Modern AI frameworks rely on computation graphs as the fundamental abstraction for representing and executing neural network models. By using universal data structures like tensors to interpret and perform neural network operations, computation graphs enable systematic analysis and optimization of AI systems.
Motivation: Challenges in AI Engineering
When deploying AI solutions in production environments, developers face numerous complex challenges. Efficient neural network training requires addressing several critical concerns:
- Implementing automatic differentiation for complex neural architectures
- Applying compiler-level analysis passes to simplify, fuse, and transform computations
- Scheduling kernel execution across acceleration hardware like GPUs and NPUs
- Dispatching processing units to optimized backend implementations
- Managing memory allocation for intermediate variables generated during backpropagation
To address these challenges uniformly, AI framweork architects developed a unified description mechanism for neural network computations. This approach enables pre-execution inference, automatic gradient generation, execution planning, runtime overhead reduction, and memory optimization—all before the actual computation runs.
Computation Graph Fundamentals
Conceptual Definitions
Several terms appear in discussions about graph-based AI representations:
Data Flow Diagram (DFD) represents system logic and data transformations from a processing perspective. In AI contexts, DFDs illustrate how data moves through processing units that receive inputs, transform them, and produce outputs.
Computation Graph is a directed graph where nodes represent mathematical operations. It provides a mechanism for expressing and evaluating mathematical expressions. Within AI frameworks, computation graphs form directed acyclic graphs (DAGs) that represent operations.

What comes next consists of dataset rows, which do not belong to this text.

(* Writing θ = R_φᵀφ for the line angles, S is ½‖ω - ω̄‖²_M plus Σ_k γ_k times the gap
   between cos and its tangent at θ̄_k, evaluated at θ_k.  On (-π/2, π/2) cos is strictly
   concave, so every gap is positive unless θ_k = θ̄_k; as the graph is connected R_φᵀ is
   injective, whence the strict minimum and S ≥ 0 near the equilibrium.
   Along solutions Ṡ = (ω - ω̄)ᵀ M ω̇ + (∇U(φ) - ∇U(φ̄))ᵀ φ̇ with φ̇ = E_gᵀω + E_lᵀθ̇_l.
   The load-flow constraint holds at φ and φ̄, so E_l kills ∇U(φ) - ∇U(φ̄); and since ω̄ is
   constant and the columns of E sum to zero, ω̄ᵀE_g(∇U(φ) - ∇U(φ̄)) = 0 as well.  With the
   equilibrium equations what remains is -(ω - ω̄)ᵀD(ω - ω̄) + (ω - ω̄)ᵀ(u - ū). *)

Section Forms.
Variable R : realType.

Lemma trmx_mul_coord p q (A : 'M[R]_(p, q)) (v : 'cV[R]_p) k :
  (A^T *m v) k 0 = \sum_j A j k * v j 0.
Proof. by rewrite !mxE; apply: eq_bigr => j _; rewrite !mxE. Qed.

Lemma ipE p (v w : 'cV[R]_p) : ip v w = \sum_i v i 0 * w i 0.
Proof. by rewrite /ip !mxE; apply: eq_bigr => i _; rewrite !mxE. Qed.

Lemma qform_diagE p (d : 'I_p -> R) (v w : 'cV[R]_p) :
  qform (diag_mx (\row_i d i)) v w = \sum_i v i 0 * d i * w i 0.
Proof. by rewrite /qform mul_mx_diag !mxE; apply: eq_bigr => i _; rewrite !mxE. Qed.

Lemma qform_ip p (Q : 'M[R]_p) (v w : 'cV[R]_p) : qform Q v w = ip v (Q *m w).
Proof. by rewrite /qform /ip mulmxA. Qed.

Lemma ipC p (v w : 'cV[R]_p) : ip v w = ip w v.
Proof. by rewrite !ipE; apply: eq_bigr => i _; rewrite mulrC. Qed.

Lemma ip0r p (v : 'cV[R]_p) : ip v 0 = 0.
Proof. by rewrite /ip mulmx0 mxE. Qed.

Lemma ip0l p (v : 'cV[R]_p) : ip 0 v = 0.
Proof. by rewrite ipC ip0r. Qed.

Lemma ipDr p (u v w : 'cV[R]_p) : ip u (v + w) = ip u v + ip u w.
Proof. by rewrite /ip mulmxDr mxE. Qed.

Lemma ipNr p (v w : 'cV[R]_p) : ip v (- w) = - ip v w.
Proof. by rewrite /ip mulmxN mxE. Qed.

Lemma ipBr p (u v w : 'cV[R]_p) : ip u (v - w) = ip u v - ip u w.
Proof. by rewrite ipDr ipNr. Qed.

Lemma ipBl p (u v w : 'cV[R]_p) : ip (u - v) w = ip u w - ip v w.
Proof. by rewrite ipC ipBr !(ipC w). Qed.

Lemma ip_trmx p q (v : 'cV[R]_p) (A : 'M[R]_(q, p)) (w : 'cV[R]_q) :
  ip v (A^T *m w) = ip (A *m v) w.
Proof. by rewrite /ip trmx_mul mulmxA. Qed.

Lemma ip_const_mx p c (v : 'cV[R]_p) : ip (const_mx c) v = c * \sum_i v i 0.
Proof. by rewrite ipE mulr_sumr; apply: eq_bigr => i _; rewrite mxE. Qed.

Section PositiveDiagonal.
Variables (p : nat) (d : 'I_p -> R).
Hypothesis d_gt0 : forall i, 0 < d i.

Lemma diag_mx_unit : diag_mx (\row_i d i) \in unitmx.
Proof.
rewrite unitmxE det_diag unitfE; apply/prodf_neq0 => i _.
by rewrite mxE gt_eqF.
Qed.

Lemma qform_diag_invmx (v w : 'cV[R]_p) :
  qform (diag_mx (\row_i d i)) v (invmx (diag_mx (\row_i d i)) *m w) = ip v w.
Proof. by rewrite qform_ip mulmxA mulmxV ?mul1mx // diag_mx_unit. Qed.

Lemma qform_diag_ge0 (v : 'cV[R]_p) : 0 <= qform (diag_mx (\row_i d i)) v v.
Proof. by rewrite qform_diagE; apply: sumr_ge0 => i _; have := d_gt0 i; nra. Qed.

Lemma pos_def_diag : pos_def (diag_mx (\row_i d i)).
Proof.
split=> [|v]; first exact: tr_diag_mx.
apply: contraNT; rewrite -leNgt => v_le0; apply/eqP/matrixP => i j.
rewrite (ord1 j) mxE; apply/eqP; rewrite -sqrf_eq0 eq_le sqr_ge0 andbT.
have term_ge0 k : 0 <= v k 0 * d k * v k 0 by have := d_gt0 k; nra.
have : v i 0 * d i * v i 0 <= 0.
  apply: le_trans v_le0; rewrite qform_diagE (bigD1 i) //= lerDl.
  by apply: sumr_ge0 => k _.
by have := d_gt0 i; nra.
Qed.

End PositiveDiagonal.

End Forms.

Lemma derivable1_pair (R : realType) (U W : normedModType R) (f : R -> U) (g : R -> W) t :
  derivable f t 1 -> derivable g t 1 ->
  derivable (fun s => (f s, g s)) t 1 /\
  derive1 (fun s => (f s, g s)) t = (derive1 f t, derive1 g t).
Proof.
move=> /derivable1_diffP df /derivable1_diffP dg.
have dfg := differentiable_pair df dg.
split; first exact/derivable1_diffP.
by rewrite derive1E' // diff_pair // -!derive1E'.
Qed.

Lemma near_forall_itvoo (R : realType) (T : topologicalType) (I : finType)
    (F : I -> T -> R) a b x :
  (forall k, continuous (F k)) -> (forall k, a < F k x < b) ->
  \forall y \near x, forall k, a < F k y < b.
Proof.
move=> F_cont F_in; apply: filter_forall => k.
have /andP[aF Fb] := F_in k.
near=> y; apply/andP; split; near: y.
- exact: cvgr_gt (F_cont k x) _ aF.
- exact: cvgr_lt (F_cont k x) _ Fb.
Unshelve. all: by end_near.
Qed.

Section C1Calculus.
Variables (R : realType) (X : normedModType R).

Definition has_C1_diff (F : X -> R) (dF : X -> X -> R) :=
  [/\ forall x, differentiable F x, forall x, 'd F x = dF x :> (X -> R)
    & forall v, continuous (fun x => dF x v)].

Lemma has_C1_diff_eq F dF G dG : has_C1_diff F dF -> F =1 G ->
  (forall x v, dF x v = dG x v) -> has_C1_diff G dG.
Proof.
move=> FdF /funext <- dFG.
by have <- : dF = dG by apply/funext => x; apply/funext => v; apply: dFG.
Qed.

Lemma has_C1_diff_cst c : has_C1_diff (fun=> c) (fun _ _ => 0).
Proof.
split=> [x|x|v]; first exact: differentiable_cst.
  by rewrite (diff_cst c x).
exact: cst_continuous.
Qed.

Lemma has_C1_diffD F dF G dG : has_C1_diff F dF -> has_C1_diff G dG ->
  has_C1_diff (fun x => F x + G x) (fun x v => dF x v + dG x v).
Proof.
move=> [dif_F dFE cont_F] [dif_G dGE cont_G]; split=> [x|x|v].
- exact: differentiableD.
- by rewrite diffD // dFE dGE.
- by move=> x; apply: (@continuousD _ R^o); [apply: cont_F|apply: cont_G].
Qed.

Lemma has_C1_diffZ c F dF : has_C1_diff F dF ->
  has_C1_diff (fun x => c * F x) (fun x v => c * dF x v).
Proof.
move=> [dif_F dFE cont_F]; split=> [x|x|v].
- exact: differentiableZ.
- by rewrite diffZ // dFE.
- move=> x; apply: (@continuousZ _ R^o _ (fun=> c) (fun x => dF x v)).
    exact: cst_continuous.
  exact: cont_F.
Qed.

Lemma has_C1_diffM F dF G dG : has_C1_diff F dF -> has_C1_diff G dG ->
  has_C1_diff (fun x => F x * G x) (fun x v => F x * dG x v + G x * dF x v).
Proof.
move=> [dif_F dFE cont_F] [dif_G dGE cont_G]; split=> [x|x|v].
- exact: differentiableM.
- by rewrite diffM // dFE dGE.
- move=> x; apply: (@continuousD _ _ _ (fun x => F x * dG x v) (fun x => G x * dF x v));
    apply: continuousM; by [exact: differentiable_continuous|apply: cont_G|apply: cont_F].
Qed.

Lemma has_C1_diff_sum (I : Type) (r : seq I) (F : I -> X -> R) dF :
  (forall i, has_C1_diff (F i) (dF i)) ->
  has_C1_diff (fun x => \sum_(i <- r) F i x) (fun x v => \sum_(i <- r) dF i x v).
Proof.
move=> FdF; elim: r => [|i r IHr].
  by apply: has_C1_diff_eq (has_C1_diff_cst 0) _ _ => [x|x v]; rewrite big_nil.
by apply: has_C1_diff_eq (has_C1_diffD (FdF i) IHr) _ _ => [x|x v]; rewrite big_cons.
Qed.

Lemma has_C1_diff_comp (f df : R -> R) F dF :
  (forall s : R, is_derive s (1 : R) f (df s)) -> continuous df -> has_C1_diff F dF ->
  has_C1_diff (fun x => f (F x)) (fun x v => df (F x) * dF x v).
Proof.
move=> f_df cont_df [dif_F dFE cont_F].
have dif_f s : differentiable f s.
  by apply/derivable1_diffP; exact: (ex_derive (is_derive := f_df s)).
split=> [x|x|v].
- exact: differentiable_comp.
- rewrite diff_comp //; apply/funext => v /=.
  rewrite deriv1E; last exact/derivable1_diffP.
  by rewrite dFE /= derive1E (derive_val (is_derive := f_df (F x))) mulrC.
- move=> x; apply: continuousM; last exact: cont_F.
  exact: continuous_comp (differentiable_continuous (dif_F x)) (cont_df (F x)).
Qed.

Lemma has_C1_diff_linear (l : X -> R) : linear l -> continuous l ->
  has_C1_diff l (fun _ v => l v).
Proof.
move=> lin_l cont_l.
pose L : {linear X -> R} := HB.pack l (GRing.isLinear.Build _ _ _ _ _ lin_l).
have -> : l = L by [].
split=> [x|x|v]; [exact: linear_differentiable|by rewrite diff_lin|exact: cst_continuous].
Qed.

Both approaches represent neural networks as graph structures composed of nodes and edges, describing how data propagates through fixed computational nodes. Consider the following expression:
f(a, b) = ln(a) + a × b − sin(b)
Data Representation: From Scalars to Tensors
Scalar quantities possess only magnitude without direction. In computing contexts, a scalar is a single independent value—an integer like 488 or a floating-point number. Scalar operations follow standard arithmetic rules.
base_value = 488
Vector quantities possess both magnitude and direction, adhering to parallelogram law of addition. In computational contexts, vectors are ordered sequences of elements accessed via index values. They represent one-dimensional data structures.
For example, a vector containing three elements:
feature_vec = [1.1, 2.2, 3.3]
Matrix structures arrange numbers in rectangular arrays. Originally developed from equation coefficients, matrices serve as essential tools in linear algebra and statistical analysis. Machine learning applications frequently use matrices—for instance, representing N samples with M features as an N×M matrix, or encoding pixel values of a 256×256 image as a 256×256 matrix.
A 3×3 matrix representation:
weight_mat = [[1, 2, 3], [4, 5, 6], [7, 8, 9]]
Tensor theory extends scalar and vector concepts into higher dimensions. Originating in mechanics to describe stress states, tensors form a powerful mathematical framework. The tensor concept generalizes vectors (first-order tensors) and matrices (second-order tensors) into arbitrary dimensions.
Within AI frameworks, all data uses tensor representation. Image data typically forms 3D tensors where dimensions correspond to height, width, and color channels. A batch of N color images with dimensions C×H×W becomes an N×C×H×W tensor. Natural language processing represents sentences as 2D tensors mapping word vectors to sequence positions.
Tensor Operations in AI Systems
Neural network computations predominantly involve numerical operations on high-dimensional arrays. These operations form the computational core, representing essential operators within computation graphs.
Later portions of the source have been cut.